**What to produce:** Given the records below, would you repeat exactly the lines that begin at the one containing "- exact (csc_reaches_Lt_heading_0_cos_1" and end at the one containing "0 < rho -> 2", inclusive?

**Task data:**
Lemma csc_reaches_Lt_heading_0_cos_1 (rho m : R) (d1 : turn) (l h : R) :
  0 < rho -> 0 < m -> 0 <= l ->
  csc_reaches rho m d1 Lt l h 0 -> cos h = 1.
Proof.
  intros Hrho Hm Hl; unfold csc_reaches; simpl; rewrite sin_0, cos_0.
  pose proof (sin2_cos2 h) as P; unfold Rsqr in P; pose proof (COS_bound h) as [Hc1 Hc2].
  destruct d1; simpl; intros [E1 E2].
  - assert (HlS : l * sin h = 0) by lra.
    assert (Hs0 : sin h = 0) by (destruct (Rmult_integral _ _ HlS); [subst l; lra | assumption]).
    rewrite Hs0 in P; nra.
  - (* eliminating [l]: [m sin h = 2 rho (cos h - 1) <= 0] *)
    assert (El : l * sin h = 2 * rho * (1 - cos h)) by lra.
    assert (Hmsin : m * sin h = 2 * rho * (cos h - 1)).
    { replace m with (l * cos h - 2 * rho * sin h) by lra.
      transitivity (cos h * (l * sin h) - 2 * rho * (sin h * sin h)); [ring |].
      rewrite El; nra. }
    assert (sin h <= 0) by nra.
    nra.
Qed.

Lemma csc_reaches_heading_0 (rho m : R) (d1 d3 : turn) (l h : R) (k : Z) :
  0 < rho -> 0 < m -> 0 <= l ->
  csc_reaches rho m d1 d3 l h (2 * PI * IZR k) ->
  (exists j : Z, h = 2 * PI * IZR j) /\ l = m.
Proof.
  intros Hrho Hm Hl E.
  apply (csc_reaches_shift_2PI _ _ _ _ _ _ _ (- k)) in E.
  rewrite opp_IZR in E; replace (2 * PI * IZR k + 2 * PI * - IZR k) with 0 in E by ring.
  set (h0 := h + 2 * PI * - IZR k) in E.
  assert (Hcos : cos h0 = 1).
  { destruct d3.
    - exact (csc_reaches_Lt_heading_0_cos_1 rho m d1 l h0 Hrho Hm Hl E).
    - apply csc_reaches_mirror in E; rewrite Ropp_0 in E; simpl in E.
      rewrite <- cos_neg; exact (csc_reaches_Lt_heading_0_cos_1 rho m _ l _ Hrho Hm Hl E). }
  split.
  - destruct (cos_eq_1_2PI_IZR h0 Hcos) as [j Hj].
    exists (j + k)%Z; rewrite plus_IZR; unfold h0 in Hj; lra.
  - assert (Hsin : sin h0 = 0).
    { pose proof (sin2_cos2 h0) as P; unfold Rsqr in P; rewrite Hcos in P; nra. }
    destruct E as [E1 _]; rewrite Hsin, Hcos, sin_0 in E1; lra.
Qed.

Lemma csc_reaches_halves_aligned (rho m2 m4 : R) (d1 d3 d5 : turn) (l2 l4 h a b : R) :
  0 < rho -> 2 * rho < m2 -> 2 * rho < m4 -> 0 <= l2 -> 0 <= l4 ->
  0 <= a -> 0 <= b -> a + b < 2 * PI ->
  csc_reaches rho m2 d1 d3 l2 h (h + tsign d3 * a) ->
  csc_reaches rho m4 d5 d3 l4 (- (h + tsign d3 * (a + b))) (- (h + tsign d3 * a)) ->
  a = 0 /\ b = 0 /\ l2 = m2 /\ l4 = m4 /\ exists k : Z, h = 2 * PI * IZR k.
Proof.
  intros Hrho Hm2 Hm4 Hl2 Hl4 Ha Hb Hab E2 E4.
  pose proof PI_RGT_0; pose proof (tsign_cases d3) as Hs3.
  replace (- (h + tsign d3 * a)) with (- (h + tsign d3 * (a + b)) + tsign d3 * b) in E4 by ring.
  destruct (csc_reaches_crosses_heading_0 rho m2 d1 d3 l2 h a) as [k2 Hk2]; auto; try lra.
  destruct (csc_reaches_crosses_heading_0 rho m4 d5 d3 l4 (- (h + tsign d3 * (a + b))) b)
    as [k4 Hk4]; auto; try lra.
  (* the two crossings of heading 0 together use up the whole turn [a + b < 2 PI] of C3 *)
  assert (Hk : (k2 + k4)%Z = 0%Z).
  { apply IZR_2PI_eq_0; rewrite plus_IZR.
    destruct Hs3 as [Hs | Hs]; rewrite Hs in *; lra. }
  assert (k4 = (- k2)%Z) by lia; subst k4; rewrite opp_IZR in Hk4.
  assert (Harr2 : h + tsign d3 * a = 2 * PI * IZR k2)
    by (destruct Hs3 as [Hs | Hs]; rewrite Hs in *; lra).
  assert (Harr4 : - (h + tsign d3 * (a + b)) + tsign d3 * b = 2 * PI * IZR (- k2))
    by (rewrite opp_IZR; destruct Hs3 as [Hs | Hs]; rewrite Hs in *; lra).
  rewrite Harr2 in E2; rewrite Harr4 in E4.
  destruct (csc_reaches_heading_0 rho m2 d1 d3 l2 h k2 Hrho ltac:(lra) Hl2 E2)
    as [[j2 Hj2] El2].
  destruct (csc_reaches_heading_0 rho m4 d5 d3 l4 _ (- k2) Hrho ltac:(lra) Hl4 E4)
    as [[j4 Hj4] El4].
  assert (Ha0 : a = 0).
  { apply (eq_of_tsign_sub_2PI_IZR d3 a 0 (k2 - j2)); try lra.
    rewrite minus_IZR; lra. }
  assert (Hb0 : b = 0).
  { apply (eq_of_tsign_sub_2PI_IZR d3 b 0 (- k2 - j4)); try lra.
    rewrite minus_IZR, opp_IZR; rewrite opp_IZR in Harr4; lra. }
  repeat split; auto; exists j2; exact Hj2.
Qed.

Lemma S2_S4_collinear_C3_0 (rho : R) (Xi : config) (d1 d3 : turn) (p : params) :
  0 < rho -> 0 <= th3a p -> 0 <= th3b p -> th3a p + th3b p < 2 * PI ->
  S2_S4_collinear rho Xi d1 d3 p -> th3a p = 0 /\ th3b p = 0.
Proof.
  intros Hrho Ha Hb Hab [_ Hcross].
  assert (H3 : cfg3 rho d1 d3 Xi p
               = arc rho d3 (th3a p + th3b p) (straight (l2 p) (cfg1 rho d1 Xi p)))
    by (unfold cfg3, cfgm, cfg2; apply arc_add).
  rewrite H3 in Hcross.
  apply straight_arc_collinear_angle_0 in Hcross; [lra | assumption | lra].
Qed.

Section CollinearPath.

Variables (rho : R) (Xi Xf : config) (xm : R * R) (d1 d3 d5 : turn) (p : params).
Hypotheses (Hp : is_CSCSC rho Xi xm Xf d1 d3 d5 p) (Ha0 : th3a p = 0) (Hb0 : th3b p = 0).

Lemma cfgm_no_C3 : cfgm rho d1 d3 Xi p = straight (l2 p) (cfg1 rho d1 Xi p).
Proof. unfold cfgm, cfg2; rewrite Ha0; apply arc_0. Qed.

Lemma cfg5_no_C3 :
  cfg5 rho d1 d3 d5 Xi p = arc rho d5 (th5 p) (straight (l4 p) (cfgm rho d1 d3 Xi p)).
Proof. unfold cfg5, cfg4, cfg3; rewrite Hb0, arc_0; reflexivity. Qed.

Lemma CSCSC_straights_long :
  0 < rho -> 4 * rho <= dist2 (cx Xi, cy Xi) xm -> 4 * rho <= dist2 xm (cx Xf, cy Xf) ->
  2 * rho < l2 p /\ 2 * rho < l4 p.
Proof.
  intros Hrho Hi Hf.
  destruct Hp as (_ & Hl2 & _ & _ & _ & Hl4 & _ & Hmx & Hmy & Hx & Hy & _).
  destruct xm as [xmx xmy]; cbn [fst snd] in Hmx, Hmy; subst xmx xmy.
  split.
  - apply (two_rho_lt_straight_after_arc rho d1 (th1 p) (l2 p) Xi Hrho Hl2).
    change (arc rho d1 (th1 p) Xi) with (cfg1 rho d1 Xi p); rewrite <- cfgm_no_C3; exact Hi.
  - apply (two_rho_lt_straight_before_arc rho d5 (th5 p) (l4 p) (cfgm rho d1 d3 Xi p) Hrho Hl4).
    rewrite <- cfg5_no_C3, Hx, Hy; exact Hf.
Qed.

Lemma CSCSC_halves_csc_reaches (q : params) :
  is_CSCSC rho Xi xm Xf d1 d3 d5 q ->
  let h := tsign d1 * (th1 q - th1 p) in
  csc_reaches rho (l2 p) d1 d3 (l2 q) h (h + tsign d3 * th3a q) /\
  csc_reaches rho (l4 p) d5 d3 (l4 q)
    (- (h + tsign d3 * (th3a q + th3b q))) (- (h + tsign d3 * th3a q)).
Proof.
  intros Hq h.
  destruct Hp as (_ & _ & _ & _ & _ & _ & _ & Pmx & Pmy & Pf).
  destruct Hq as (_ & _ & _ & _ & _ & _ & _ & Qmx & Qmy & Qf).
  assert (Hmx : cx (cfgm rho d1 d3 Xi q) = cx (cfgm rho d1 d3 Xi p)) by congruence.
  assert (Hmy : cy (cfgm rho d1 d3 Xi q) = cy (cfgm rho d1 d3 Xi p)) by congruence.
  split.
  - rewrite cfgm_no_C3 in Hmx, Hmy.
    pose proof (csc_reaches_first_half rho d1 d3 Xi (th1 p) (th1 q) (l2 p) (l2 q) (th3a q)
                  Hmx Hmy) as E.
    cbn [ch arc straight] in E.
    replace (h + tsign d3 * th3a q)
      with (ch Xi + tsign d1 * th1 q + tsign d3 * th3a q - (ch Xi + tsign d1 * th1 p))
      by (unfold h; ring).
    replace h with (ch Xi + tsign d1 * th1 q - (ch Xi + tsign d1 * th1 p)) by (unfold h; ring).
    exact E.
  - pose proof (csc_reaches_second_half rho d3 d5 (cfgm rho d1 d3 Xi p) (cfgm rho d1 d3 Xi q)
                  (th3b q) (l4 p) (l4 q) (th5 p) (th5 q) Hmx Hmy) as E.
    rewrite <- cfg5_no_C3 in E; specialize (E (same_config_common _ _ _ Qf Pf)).
    rewrite cfgm_no_C3 in E; cbn [ch arc straight cfgm cfg2 cfg1] in E.
    replace (- (h + tsign d3 * th3a q))
      with (- (ch Xi + tsign d1 * th1 q + tsign d3 * th3a q - (ch Xi + tsign d1 * th1 p)))
      by (unfold h; ring).
    replace (- (h + tsign d3 * (th3a q + th3b q)))
      with (- (ch Xi + tsign d1 * th1 q + tsign d3 * th3a q + tsign d3 * th3b q
               - (ch Xi + tsign d1 * th1 p))) by (unfold h; ring).
    exact E.
Qed.

End CollinearPath.

Lemma CSCSC_collinear_unique (rho : R) (Xi Xf : config) (xm : R * R) (d1 d3 d5 : turn)
    (p q : params) :
  0 < rho -> 4 * rho <= dist2 (cx Xi, cy Xi) xm -> 4 * rho <= dist2 xm (cx Xf, cy Xf) ->
  is_CSCSC rho Xi xm Xf d1 d3 d5 p -> S2_S4_collinear rho Xi d1 d3 p ->
  is_CSCSC rho Xi xm Xf d1 d3 d5 q -> q = p.
Proof.
  intros Hrho Hi Hf Hp Hcol Hq.
  pose proof Hp as (Pt1 & Pl2 & Pa & Pb & Pab & Pl4 & Pt5 & _ & _ & _ & _ & kp & Hkp).
  pose proof Hq as (Qt1 & Ql2 & Qa & Qb & Qab & Ql4 & Qt5 & _ & _ & _ & _ & kq & Hkq).
  destruct (S2_S4_collinear_C3_0 rho Xi d1 d3 p Hrho Pa Pb Pab Hcol) as [Ha0 Hb0].
  destruct (CSCSC_straights_long rho Xi Xf xm d1 d3 d5 p Hp Ha0 Hb0 Hrho Hi Hf) as [HL2 HL4].
  destruct (CSCSC_halves_csc_reaches rho Xi Xf xm d1 d3 d5 p Hp Ha0 Hb0 q Hq) as [E2 E4].
  destruct (csc_reaches_halves_aligned rho (l2 p) (l4 p) d1 d3 d5 (l2 q) (l4 q) _ _ _
              Hrho HL2 HL4 Ql2 Ql4 Qa Qb Qab E2 E4) as (Qa0 & Qb0 & El2 & El4 & k & Hk).
  assert (Et1 : th1 q = th1 p) by exact (eq_of_tsign_sub_2PI_IZR d1 _ _ k Qt1 Pt1 Hk).
  assert (Et5 : th5 q = th5 p).
  { apply (eq_of_tsign_sub_2PI_IZR d5 _ _ (kq - kp) Qt5 Pt5); rewrite minus_IZR.
    cbn [cfg5 cfg4 cfg3 cfgm cfg2 cfg1 arc straight ch] in Hkp, Hkq.
    rewrite Ha0, Hb0 in Hkp; rewrite Qa0, Qb0, Et1 in Hkq; lra. }
  destruct p, q; cbn in *; subst; reflexivity.
Qed.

**Exercise output:**
    - exact (csc_reaches_Lt_heading_0_cos_1 rho m d1 l h0 Hrho Hm Hl E).
    - apply csc_reaches_mirror in E; rewrite Ropp_0 in E; simpl in E.
      rewrite <- cos_neg; exact (csc_reaches_Lt_heading_0_cos_1 rho m _ l _ Hrho Hm Hl E). }
  split.
  - destruct (cos_eq_1_2PI_IZR h0 Hcos) as [j Hj].
    exists (j + k)%Z; rewrite plus_IZR; unfold h0 in Hj; lra.
  - assert (Hsin : sin h0 = 0).
    { pose proof (sin2_cos2 h0) as P; unfold Rsqr in P; rewrite Hcos in P; nra. }
    destruct E as [E1 _]; rewrite Hsin, Hcos, sin_0 in E1; lra.
Qed.

Lemma csc_reaches_halves_aligned (rho m2 m4 : R) (d1 d3 d5 : turn) (l2 l4 h a b : R) :
  0 < rho -> 2 * rho < m2 -> 2 * rho < m4 -> 0 <= l2 -> 0 <= l4 ->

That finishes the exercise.